What is HVAC? Get the skinny without the school.
You have probably seen it written just like that above, HVAC. Maybe you’ve seen it as hva/c, or hvac/r. I think it is evolved to that in order to indicate like refrigeration with the r or that air conditioning is two words. For me, for you, for the building engineer industry, HVAC is fine. And that is what we’re going to talk about today.
Ever seen HVAC equipment?
I bet you have. If you have ever been in a plane flying over a city or in a tall building downtown, a spot where you could look down on shorter buildings. Sometimes you’ll see metal boxes and you can maybe make out some fan blades whirring. Or you might see some metal squares with water, fans, and steam coming out of the top. This is all HVAC equipment.

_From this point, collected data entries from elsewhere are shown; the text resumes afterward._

Lemma is_cderive0_id : is_cderive0 (fun t => t%:C) 1.
Proof. by split => /=; [apply: is_derive_id | apply: is_derive_cst]. Qed.

Lemma is_cderive0D f g c d :
  is_cderive0 f c -> is_cderive0 g d -> is_cderive0 (fun t => f t + g t) (c + d).
Proof.
move=> [fRe fIm] [gRe gIm]; split.
  by rewrite cReD; under eq_fun do rewrite cReD; exact: is_deriveD.
by rewrite cImD; under eq_fun do rewrite cImD; exact: is_deriveD.
Qed.

Lemma is_cderive0M f g c d : is_cderive0 f c -> is_cderive0 g d ->
  is_cderive0 (fun t => f t * g t) (f 0 * d + c * g 0).
Proof.
move=> [fRe fIm] [gRe gIm]; split.
  apply: (is_derive_eq (is_derive0_ext _ (is_deriveB (is_deriveM fRe gRe) (is_deriveM fIm gIm)))).
  - by move=> t /=; rewrite cReM.
  - by rewrite cReD !cReM /GRing.scale /=; ring.
apply: (is_derive_eq (is_derive0_ext _ (is_deriveD (is_deriveM fRe gIm) (is_deriveM fIm gRe)))).
- by move=> t /=; rewrite cImM.
- by rewrite cImD !cImM /GRing.scale /=; ring.
Qed.

Lemma is_cderive0J f c : is_cderive0 f c -> is_cderive0 (fun t => (f t)^*%R) c^*%R.
Proof.
move=> [fRe fIm]; split; first by rewrite cReJ; under eq_fun do rewrite cReJ.
by rewrite cImJ; under eq_fun do rewrite cImJ; exact: is_deriveN.
Qed.

Lemma is_cderive0_sum (T : Type) (r : seq T) (P : pred T) (F : T -> R -> R[i]) (c : T -> R[i]) :
  (forall x, P x -> is_cderive0 (F x) (c x)) ->
  is_cderive0 (fun t => \sum_(x <- r | P x) F x t) (\sum_(x <- r | P x) c x).
Proof.
move=> Fc; elim: r => [|x r IH].
  by rewrite big_nil; apply: is_cderive0_ext (is_cderive0_cst 0) => t; rewrite big_nil.
rewrite big_cons; case: (boolP (P x)) => Px.
  by apply: is_cderive0_ext (is_cderive0D (Fc x Px) IH) => t; rewrite big_cons Px.
by apply: is_cderive0_ext IH => t; rewrite big_cons (negbTE Px).
Qed.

Everybody has seen it or walked past an HVAC system (like those banks of air conditioning units at apartment complexes) they just maybe didn’t know or even really pay attention to what they were passing. It’s cool, it’s cool. Building engineers are behind the scenes, underappreciated people. HVAC is one of our systems. So don’t you worry, we got this.
What does HVAC stand for?
For me it stands for heating, ventilation, and air conditioning. Like previously mentioned, there are some variations. HVAC basically comprises all things that bring in, exhaust, heat, or cool, the air we breathe inside buildings and our homes. This is my own, very basic, definition. I’m sure as I write this, my definition of what HVAC is will evolve.
If you look at the sentence above – bring in, exhaust, heat and cool. There are way more aspects to the systems and operation but it really is quite simple. Also if you have been fortunate enough to read other stuff on the site, like pumps, you can see how the definition of HVAC sounds very close to that of a pump.
The difference is that pumps are using fluids while HVAC systems are moving air, or even fumes in some cases. Of course water is involved in HVAC, but it’s primary “thing” is air. I’ll provide some examples of HVAC equipment below. Also, if I have already written about a piece of equipment that serves the HVAC field, I’ll link to it.
HVAC is Vital
First and foremost, HVAC is vital in building operations because it is how we get fresh air into the building and expended air out.
Those square boxes on the roofs you see as you fly overhead, those are called air handling units, or ahu’s. Depending on the size of the building or property, you might see 1 ahu, or 50. The job of an ahu is to bring in an amount of fresh air continuously and deliver it either to the floor or space or to additional, smaller untis further down the line where it is heated or cooled prior to final delivery, like right above your desk.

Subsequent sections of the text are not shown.